Reputation: 155
I have the following problem. I have a german text saved in .txt UTF-8 format, and I'd like to print it out with python. Here's my code:
txt = open(filename, 'r').read()
print txt.decode('utf-8-sig')
It works perfectly in IDLE, but when I save my code and run it from the command prompt, it raises error, specifically:
UnicodeEncodeError: 'charmap' codec can't encode characters in position 3-4: cha
racter maps to <undefined>
In my particular case, the text is "gemäßigt", and in the beginning of .py code I put something like
# -*- coding: utf-8-sig -*-
By the way, my OS is Windows, in Russian. Does anybody have an idea what is my problem?
Best, Alex
Upvotes: 1
Views: 1003
Reputation: 3247
Is your text in UTF-8 or utf-8-sig ? It's not exaclty the same.
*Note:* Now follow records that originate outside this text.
Lemma zeta_psum_growing s : Un_growing (zeta_psum s).
Proof.
  intros M. apply rsum_succ_le. left. apply Rinv_0_lt_compat, pow_lt, lt_0_INR. lia.
Qed.

Lemma zeta_psum_2_le n : zeta_psum 2 (S n) <= 2 - / INR (S n).
Proof.
  induction n as [|n IH].
  - change (zeta_psum 2 1) with (0 + / INR 1 ^ 2). rewrite INR_1, pow1, Rinv_1. lra.
  - change (zeta_psum 2 (S (S n))) with (zeta_psum 2 (S n) + / INR (S (S n)) ^ 2).
    assert (Hx : 1 <= INR (S n)) by (rewrite S_INR; pose proof (pos_INR n); lra).
    rewrite (S_INR (S n)). set (x := INR (S n)) in *.
    (* [1/x - 1/(x+1) = 1/(x(x+1)) >= 1/(x+1)^2] *)
    assert (E : / x - / (x + 1) - / (x + 1) ^ 2 = / (x * (x + 1) ^ 2)) by (field; lra).
    assert (0 < / (x * (x + 1) ^ 2)).
    { apply Rinv_0_lt_compat, Rmult_lt_0_compat; [lra|apply pow_lt; lra]. }
    lra.
Qed.

Lemma zeta_psum_le s M : (2 <= s)%nat -> zeta_psum s M <= 2.
Proof.
  intros Hs. apply Rle_trans with (zeta_psum 2 (S M)).
  - apply Rle_trans with (zeta_psum 2 M); [|apply zeta_psum_growing].
    apply rsum_le. intros J _.
    assert (Hx : 1 <= INR (S J)) by (rewrite S_INR; pose proof (pos_INR J); lra).
    apply Rinv_le_contravar; [apply pow_lt; lra|apply Rle_pow; [lra|exact Hs]].
  - pose proof (zeta_psum_2_le M). pose proof (Rinv_0_lt_compat (INR (S M))
      (lt_0_INR (S M) ltac:(lia))). lra.
Qed.

Lemma zeta_cv s : (2 <= s)%nat -> exists z, Un_cv (zeta_psum s) z.
Proof.
  intros Hs. apply (cv_growing_bounded _ 2); [apply zeta_psum_growing|].
  intros M. now apply zeta_psum_le.
Qed.

Lemma hharm_nonneg n k : 0 <= hharm n k.
Proof. rewrite hharm_pcoef. apply Rmult_le_pos; [apply pos_INR|apply pcoef_nonneg]. Qed.

Lemma hharm_le_succ n k : hharm n k <= hharm (S n) k.
Proof.
  destruct k; [rewrite !hharm_0; lra|].
  rewrite hharm_succ. pose proof (hharm_nonneg (S n) k).
  assert (0 <= hharm (S n) k / INR (S n))
    by (apply Rle_mult_inv_pos; [assumption|apply lt_0_INR; lia]).
  lra.
Qed.

Lemma hsum0_growing k : Un_growing (fun N => hsum N 0 k).
Proof.
  intros N. rewrite !hsum0_hharm. apply rsum_succ_le.
  apply Rle_mult_inv_pos; [apply hharm_nonneg|apply pow_lt, lt_0_INR; lia].
Qed.

Lemma hsum0_le N k z :
  (forall M, zeta_psum (S (S k)) M <= z) -> hsum N 0 k <= INR (S k) * z.
Proof.
  intros Hz. set (C := rsum N (fun n => INR (fact n) * rsum (S k) (pcoef 0 n))).
  apply (le_of_le_add_inv _ _ C). intros M. rewrite (hsum_telescope N M k).
  assert (rsum M (fun J => hsum_diff N J k) <= INR (S k) * zeta_psum (S (S k)) M).
  { unfold zeta_psum. rewrite <- rsum_scal. apply rsum_le. intros J _. apply hsum_diff_le. }
  assert (hsum N M k <= C / INR (S M)).
  { pose proof (hsum_le_inv N M k). assert (HM : 0 < INR (S M)) by (apply lt_0_INR; lia).
    apply (Rmult_le_reg_l (INR (S M))); [exact HM|].
    replace (INR (S M) * (C / INR (S M))) with C by (field; lra). assumption. }
  pose proof (Rmult_le_compat_l (INR (S k)) _ _ (pos_INR (S k)) (Hz M)). lra.
Qed.

Lemma hsum0_cv_exists k : exists l, Un_cv (fun N => hsum N 0 k) l.
Proof.
  destruct (zeta_cv (S (S k))) as [z Hz]; [lia|].
  apply (cv_growing_bounded _ (INR (S k) * z)); [apply hsum0_growing|].
  intros N. apply hsum0_le. apply growing_ineq; [apply zeta_psum_growing|exact Hz].
Qed.

(* The block [n < m <= 2n] of the series already dominates [a(n)/(4n)]. *)
Lemma nondecr_div_null (a : nat -> R) l :
  (forall n, 0 <= a n) -> (forall n, a n <= a (S n)) ->
  Un_cv (fun N => rsum N (fun n => a n / INR (S n) ^ 2)) l -> Un_cv (fun n => a n / INR (S n)) 0.
Proof.
  intros Ha0 Hmono Hl. set (s := fun N => rsum N (fun n => a n / INR (S n) ^ 2)) in Hl.
  assert (Hs_growing : Un_growing s).
  { intros N. apply rsum_succ_le, Rle_mult_inv_pos; [apply Ha0|apply pow_lt, lt_0_INR; lia]. }
  assert (Hmono' : forall n d, a n <= a (n + d)%nat).
  { intros n d. induction d; [rewrite Nat.add_0_r; lra|].
    rewrite Nat.add_succ_r. eapply Rle_trans; [exact IHd|apply Hmono]. }
  apply (cv_squeeze0 _ (fun n => 4 * (l - s (S n)))).
  - intros n. assert (Hx : 0 < INR (S n)) by (apply lt_0_INR; lia). split.
    { apply Rle_mult_inv_pos; [apply Ha0|exact Hx]. }
    assert (Hblock : INR (S n) * (a n / (2 * INR (S n)) ^ 2) <= s (S n + S n)%nat - s (S n)).
    { unfold s. rewrite rsum_add. ring_simplify. apply rsum_ge_const. intros j Hj.
      assert (Hy : 0 < INR (S (S n + j))) by (apply lt_0_INR; lia).
      assert (Hy2 : INR (S (S n + j)) <= 2 * INR (S n))
        by (replace (2 * INR (S n)) with (INR (S n + S n)) by (rewrite plus_INR; ring);
            apply le_INR; lia).
      unfold Rdiv. apply Rmult_le_compat; [apply Ha0| | |].
      - left. apply Rinv_0_lt_compat, pow_lt. lra.
      - replace (S n + j)%nat with (n + S j)%nat by lia. apply Hmono'.
      - apply Rinv_le_contravar; [apply pow_lt; lra|apply pow_incr; lra]. }
    pose proof (growing_ineq s l Hs_growing Hl (S n + S n)).
    replace (INR (S n) * (a n / (2 * INR (S n)) ^ 2)) with (a n / INR (S n) / 4) in Hblock
      by (field; lra).
    lra.
  - replace 0 with (4 * (l - l)) by ring. apply CV_mult; [apply cv_const|].
    apply CV_minus; [apply cv_const|].
    apply (Un_cv_ext (fun n => s (n + 1)%nat)); [intros n; f_equal; lia|].
    now apply CV_shift'.
Qed.

Lemma hharm_div_null k : Un_cv (fun n => hharm (S n) k / INR (S n)) 0.
Proof.
  destruct (hsum0_cv_exists k) as [l Hl].
  apply (nondecr_div_null (fun n => hharm (S n) k) l).
  - intros n. apply hharm_nonneg.
  - intros n. apply hharm_le_succ.
  - apply (Un_cv_ext (fun N => hsum N 0 k)); [intros N; apply hsum0_hharm|exact Hl].
Qed.

Lemma fpcoef_null J k : Un_cv (fun N => fpcoef N J k) 0.
Proof.
  apply (cv_squeeze0 _ _ (fun N => conj (fpcoef_nonneg N J k) (fpcoef_le_hharm N J k))).
  apply hharm_div_null.
Qed.
(* Let $\varphi\colon\mathcal{M}\to\mathcal{X}$ be a smooth lift that does not satisfy ''2 $\Rightarrow$ 1'' at $y\in\mathcal{M}$, and let $x=\varphi(y)$. Then $W_y\setminus(\mathrm{T}_x\mathcal{X})^*\neq\emptyset$, and for every $w$ in this set there exists $\alpha>0$ such that, with $f(x')=\langle w,x'\rangle+\tfrac{\alpha}{2}\|x'-x\|^2$, the point $y$ is 2-critical for $g=f\circ\varphi$ but $x$ is not stationary for $f$ on $\mathcal{X}$.
   Context: $\mathcal{E}$ is a finite-dimensional real inner product space, $\mathcal{M}$ a smooth manifold, and $\varphi\colon\mathcal{M}\to\mathcal{E}$ smooth with $\varphi(\mathcal{M})=\mathcal{X}$. Tangent cone: $\mathrm{T}_x\mathcal{X}=\{\lim(x_i-x)/\tau_i: x_i\in\mathcal{X},\tau_i>0,\tau_i\to0\}$; $K^*=\{u:\langle u,v\rangle\ge0\ \forall v\in K\}$; $x$ is stationary for $f$ on $\mathcal{X}$ if $\nabla f(x)\in(\mathrm{T}_x\mathcal{X})^*$. $y$ is 2-critical for $g=f\circ\varphi$ if $(g\circ c)'(0)=0$ and $(g\circ c)''(0)\ge0$ for all smooth curves $c$ in $\mathcal{M}$ with $c(0)=y$. ''2 $\Rightarrow$ 1'' at $y$: for every twice differentiable $f\colon\mathcal{E}\to\mathbb{R}$, if $y$ is 2-critical for $g$ then $\varphi(y)$ is stationary. $W_y$ is the set of $w\in\mathcal{E}$ for which some twice differentiable $f\colon\mathcal{E}\to\mathbb{R}$ has $\nabla f(x)=w$ and $y$ 2-critical for $f\circ\varphi$. *)

From HB Require Import structures.
From mathcomp Require Import all_boot all_order all_algebra.
From mathcomp Require Import all_classical all_reals all_analysis.
Set Implicit Arguments. Unset Strict Implicit. Unset Printing Implicit Defensive.
Import Order.TTheory GRing.Theory Num.Theory.
Import numFieldNormedType.Exports.
Local Open Scope classical_set_scope.
Local Open Scope ring_scope.

Section Defs.
Variable R : realType.

Fixpoint iter_dir_deriv (V W : normedModType R) (vs : seq V) (f : V -> W)
  : V -> W :=
  match vs with
  | [::] => f
  | v :: vs' => fun x => 'D_v (iter_dir_deriv vs' f) x
  end.
Lemma lift_functional (l : K -> H1) (A0 A1 : K -> K) (M : R) :
  (forall a x y, A0 (a *: x + y) = a *: A0 x + A0 y) ->
  (forall a x y, A1 (a *: x + y) = a *: A1 x + A1 y) ->
  (forall x, g0 (l x) = A0 x /\ g1 (l x) = A1 x) ->
  0 <= M -> (forall x, nr ip1 (l x) <= M * nr ipK x) ->
  boundary_functional (fun u x => bform u (l x)).
Proof.
move=> A0_lin A1_lin hl M0 l_bd; case: bg0 bg1 => [g0_lin _] [g1_lin _].
split => /=.
- move=> u Du a x y; rewrite -bform_linr //.
  case: (hl (a *: x + y)) (hl x) (hl y) => [axy0 axy1] [x0 x1] [y0 y1].
  apply: bform_trace => //.
    by rewrite g0_lin axy0 x0 y0 A0_lin.
  by rewrite g1_lin axy1 x1 y1 A1_lin.
- by move=> a u w Du Dw x; rewrite bform_linl.
- have [c [c0 hc]] := bform_bound; exists (c * M)%:C => u Du x.
  apply: (le_trans (hc u (l x))).
  rewrite (graph_normE hip0) (hnormE hipK) -!rmorphM lecR.
  have -> : c * M * gnr ip0 Ts u * nr ipK x = c * gnr ip0 Ts u * (M * nr ipK x) by ring.
  by apply: ler_wpM2l; rewrite ?mulr_ge0 ?gnr_ge0.
Qed.

Lemma boundary_lifts : exists (l0 l1 : K -> H1) (M : R), 0 <= M /\ forall x,
  [/\ g0 (l0 x) = x /\ g1 (l0 x) = 0, g0 (l1 x) = 0 /\ g1 (l1 x) = - x,
      nr ip1 (l0 x) <= M * nr ipK x & nr ip1 (l1 x) <= M * nr ipK x].
Proof.
have onto0 y : exists h, g1 h = 0 /\ g0 h = y.
  by have [h [? ?]] := surjg y 0; exists h.
have [p0 [M0 [M0_ge0 hp0]]] := bounded_lift hH1 hK bg1 bg0 onto0.
have [p1 [M1 [M1_ge0 hp1]]] := bounded_lift hH1 hK bg0 bg1 (surjg 0).
exists p0, (fun x => p1 (- x)), (M0 + M1); split; first by rewrite addr_ge0.
move=> x; have [a0 b0 n0] := hp0 x; have [a1 b1 n1] := hp1 (- x).
split => //.
- by apply: le_trans n0 _; rewrite ler_wpM2r ?(nr_ge0 hipK) // lerDl.
- apply: le_trans n1 _; rewrite (snormN (nrZR hipK)).
  by rewrite ler_wpM2r ?(nr_ge0 hipK) // lerDr.
Qed.

(* Theorem 4.3, in the present setting: Gamma1 u x = bform u (l0 x) and
   Gamma0 u x = bform u (l1 x) extend gamma_1 and gamma_0 (by the Lagrange
   identity) and satisfy the generalized Green formula (by [bform_trace]). *)
Theorem boundary_extension : exists G0 G1 : H0 -> K -> C,
  (forall G, G = G0 \/ G = G1 -> boundary_functional G) /\
  (forall h x, G0 (i1 h) x = ipd (iK (g0 h)) (iK x)) /\
  (forall h x, G1 (i1 h) x = ipd (iK (g1 h)) (iK x)) /\
  (forall u v, DTs u ->
     ip0 (Ts u) (i1 v) - ip0 u (Ts (i1 v)) = G1 u (g0 v) - G0 u (g1 v)).
Proof.
have [l0 [l1 [M [M0 hl]]]] := boundary_lifts.
case: biK bg0 bg1 => [iK_lin _] [g0_lin _] [g1_lin _].
exists (fun u x => bform u (l1 x)), (fun u x => bform u (l0 x)).
split; [|split; [|split]] => /=.
- move=> G [->|->].
  + apply: (lift_functional (A0 := fun=> 0) (A1 := -%R) _ _ _ M0).
    * by move=> a x y; rewrite scaler0 addr0.
    * by move=> a x y; rewrite opprD scalerN.
    * by move=> x; case: (hl x).
    * by move=> x; case: (hl x).
  + apply: (lift_functional (A0 := id) (A1 := fun=> 0) _ _ _ M0) => //.
    * by move=> a x y; rewrite scaler0 addr0.
    * by move=> x; case: (hl x).
    * by move=> x; case: (hl x).
- move=> h x; rewrite /bform lagrange; case: (hl x) => _ [-> ->] _ _.
  by rewrite (lin0 iK_lin) (linN iK_lin) (ip0r hipd) (ipNr hipd) sub0r opprK.
- move=> h x; rewrite /bform lagrange; case: (hl x) => [[-> ->]] _ _ _.
  by rewrite (lin0 iK_lin) (ip0r hipd) subr0.
- move=> u v Du; rewrite -bformB //; apply: bform_trace => //.
    by case: (hl (g0 v)) (hl (g1 v)) => [[a0 _] _ _ _] [_ [a1 _] _ _]; rewrite (linB g0_lin) a0 a1 subr0.
  by case: (hl (g0 v)) (hl (g1 v)) => [[_ b0] _ _ _] [_ [_ b1] _ _]; rewrite (linB g1_lin) b0 b1 sub0r opprK.
Qed.

End BoundaryForm.

Unset Implicit Arguments. Set Strict Implicit.

Theorem theorem4p3 (R : realType) (H0 H1 Kd K : lmodType (complex R))
  (ip0 : H0 -> H0 -> complex R) (ip1 : H1 -> H1 -> complex R)
  (ipd : Kd -> Kd -> complex R) (ipK : K -> K -> complex R)
  (DT : H0 -> Prop) (T : H0 -> H0) (DTs : H0 -> Prop) (Ts : H0 -> H0)
  (i1 : H1 -> H0) (iK : K -> Kd) (g0 g1 : H1 -> K)
  (* H0 : separable Hilbert space *)
  (hH0 : is_hilbert ip0) (sH0 : separable_for (hnorm ip0))
  (* T : closed, densely defined, symmetric operator in H0; (DTs, Ts) = Tstar *)
  (linT : linear_on DT T) (denseT : dense_in (hnorm ip0) DT (fun _ => True))
  (symT : symmetric_op ip0 DT T) (closedT : closed_op (hnorm ip0) DT T)
  (adjT : is_adjoint ip0 DT T DTs Ts)
  (* H1 : dense subspace of H0, Hilbert in its own right, bounded inclusion i1 *)
  (hH1 : is_hilbert ip1) (inj1 : injective i1)
  (bi1 : bounded_lin (hnorm ip1) (hnorm ip0) i1)
  (dense1 : dense_in (hnorm ip0) (fun x => exists h, i1 h = x) (fun _ => True))
  (* K^∂ separable Hilbert; K dense subspace, Hilbert, bounded inclusion iK *)
  (hKd : is_hilbert ipd) (sKd : separable_for (hnorm ipd))
  (hK : is_hilbert ipK) (injK : injective iK)
  (biK : bounded_lin (hnorm ipK) (hnorm ipd) iK)
  (denseK : dense_in (hnorm ipd) (fun y => exists k, iK k = y) (fun _ => True))
  (* H1 ⊂ D(Tstar), dense in the graph norm *)
  (H1sub : forall h : H1, DTs (i1 h))
  (H1dense : dense_in (graph_norm ip0 Ts) (fun x => exists h, i1 h = x) DTs)
  (* Tstar|_{H1} : H1 -> H0 bounded *)
  (bTs : exists c : complex R, forall h : H1, hnorm ip0 (Ts (i1 h)) <= c * hnorm ip1 h)
  (* gamma_0, gamma_1 bounded, gamma = gamma_0 ⊕ gamma_1 surjective *)
  (bg0 : bounded_lin (hnorm ip1) (hnorm ipK) g0)
  (bg1 : bounded_lin (hnorm ip1) (hnorm ipK) g1)
  (surjg : forall a b : K, exists h : H1, g0 h = a /\ g1 h = b)
  (* Ker gamma dense in H0 and D(T) = Ker gamma *)
  (denseKer : dense_in (hnorm ip0)
     (fun x => exists h, [/\ i1 h = x, g0 h = 0 & g1 h = 0]) (fun _ => True))
  (DTker : forall x : H0, DT x <-> exists h, [/\ i1 h = x, g0 h = 0 & g1 h = 0])
  (* Lagrange identity on H1 *)
  (lagrange : forall u v : H1,
     ip0 (Ts (i1 u)) (i1 v) - ip0 (i1 u) (Ts (i1 v))
     = ipd (iK (g1 u)) (iK (g0 v)) - ipd (iK (g0 u)) (iK (g1 v))) :
  (* Gamma_0, Gamma_1 : D(Tstar) -> K' (continuous antilinear functionals on K) *)
  exists G0 G1 : H0 -> K -> complex R,
    (forall G, G = G0 \/ G = G1 ->
      [/\ (* values are anti-linear functionals on K *)
          (forall u : H0, DTs u -> forall (a : complex R) (x y : K),
              G u (a *: x + y) = a^* * G u x + G u y),
          (* linear on D(Tstar) *)
          (forall (a : complex R) (u w : H0), DTs u -> DTs w -> forall x : K,
              G (a *: u + w) x = a * G u x + G w x) &
          (* bounded D(Tstar) (graph norm) -> K' (dual norm) *)
          (exists c : complex R, forall u : H0, DTs u -> forall x : K,
              `|G u x| <= c * graph_norm ip0 Ts u * hnorm ipK x)]) /\
    (* extensions of gamma_0, gamma_1 (K ⊂ K^∂ ⊂ K') *)
    (forall (h : H1) (x : K), G0 (i1 h) x = ipd (iK (g0 h)) (iK x)) /\
    (forall (h : H1) (x : K), G1 (i1 h) x = ipd (iK (g1 h)) (iK x)) /\
    (* generalized Green formula *)
    (forall (u : H0) (v : H1), DTs u ->
       ip0 (Ts u) (i1 v) - ip0 u (Ts (i1 v)) = G1 u (g0 v) - G0 u (g1 v)).
Proof.
exact: (boundary_extension (proj1 hH0) hH1 hK (proj1 hKd) denseT symT adjT
  bi1 biK bg0 bg1 H1sub bTs surjg DTker lagrange).
Qed.
(* N attains a positive minimum on the compact unit sphere of the sup norm. *)
Lemma mx_norm_le_isnorm : exists2 c, 0 < c & forall x, c * `|x| <= N x.
Proof.
pose S := [set x : 'rV[R]_n | `|x| = 1].
have compactS : compact S.
  apply: bounded_closed_compact.
    exists 1; split; first exact: num_real.
    by move=> M M1 x /= ->; exact: ltW.
  have -> : S = (fun x : 'rV[R]_n => `|x|) @^-1` [set 1] by [].
  apply: (proj1 (continuous_closedP _)); first exact: norm_continuous.
  exact: closed_eq.
have normalizedS x : x != 0 -> S (`|x|^-1 *: x).
  by move=> x0; rewrite /S /= normrZ normfV normr_id mulVf // normr_eq0.
have [S0|S0] := pselect (S !=set0); last first.
  exists 1 => // x; have [->|x0] := eqVneq x 0.
    by rewrite normr0 mulr0 isnorm_ge0.
  by exfalso; apply: S0; exists (`|x|^-1 *: x); exact: normalizedS.
have [c /set_mem Sc Nc_min] :=
  compact_EVT_min S0 compactS (continuous_subspaceT continuous_isnorm).
have c0 : c != 0.
  apply: contraPneq Sc => ->; rewrite /S /= normr0 => /eqP.
  by rewrite eq_sym oner_eq0.
exists (N c); first exact: isnorm_gt0.
move=> x; have [->|x0] := eqVneq x 0; first by rewrite normr0 mulr0 isnorm_ge0.
have := Nc_min _ (mem_set (normalizedS x x0)).
by rewrite isnormZ normfV normr_id ler_pdivlMl ?normr_gt0 // mulrC.
Qed.

Lemma has_sup_dual_norm g :
  has_sup [set pair g x | x in [set x | N x <= 1]].
Proof.
have [c c0 cN] := mx_norm_le_isnorm.
split; first by exists (pair g 0), 0 => //=; rewrite isnorm0.
exists ((\sum_i `|g ord0 i|) / c) => _ [x /= Nx1 <-].
apply: le_trans (pair_le_mx_norm g x) _.
rewrite ler_wpM2l ?sumr_ge0 //.
by rewrite -(ler_pM2l c0) mulfV ?gt_eqF //; exact: le_trans (cN x) Nx1.
Qed.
Here you can learn the difference. https://docs.python.org/3/library/codecs.html#encodings-and-unicode
You can also open text file already decoded with
import codecs
txt = codecs.open(filename,'r',"utf-8-sig").read()
I think Tim is correct about the console problem.
Upvotes: 0
Reputation: 336168
Your console uses the DOS codepage 866 which doesn't have the character symbols for ä
or ß
, causing the error.
You could try .encoding('cp866', errors='replace')
your string before output, replacing all the characters not supported by your terminal by ?
s.
Upvotes: 1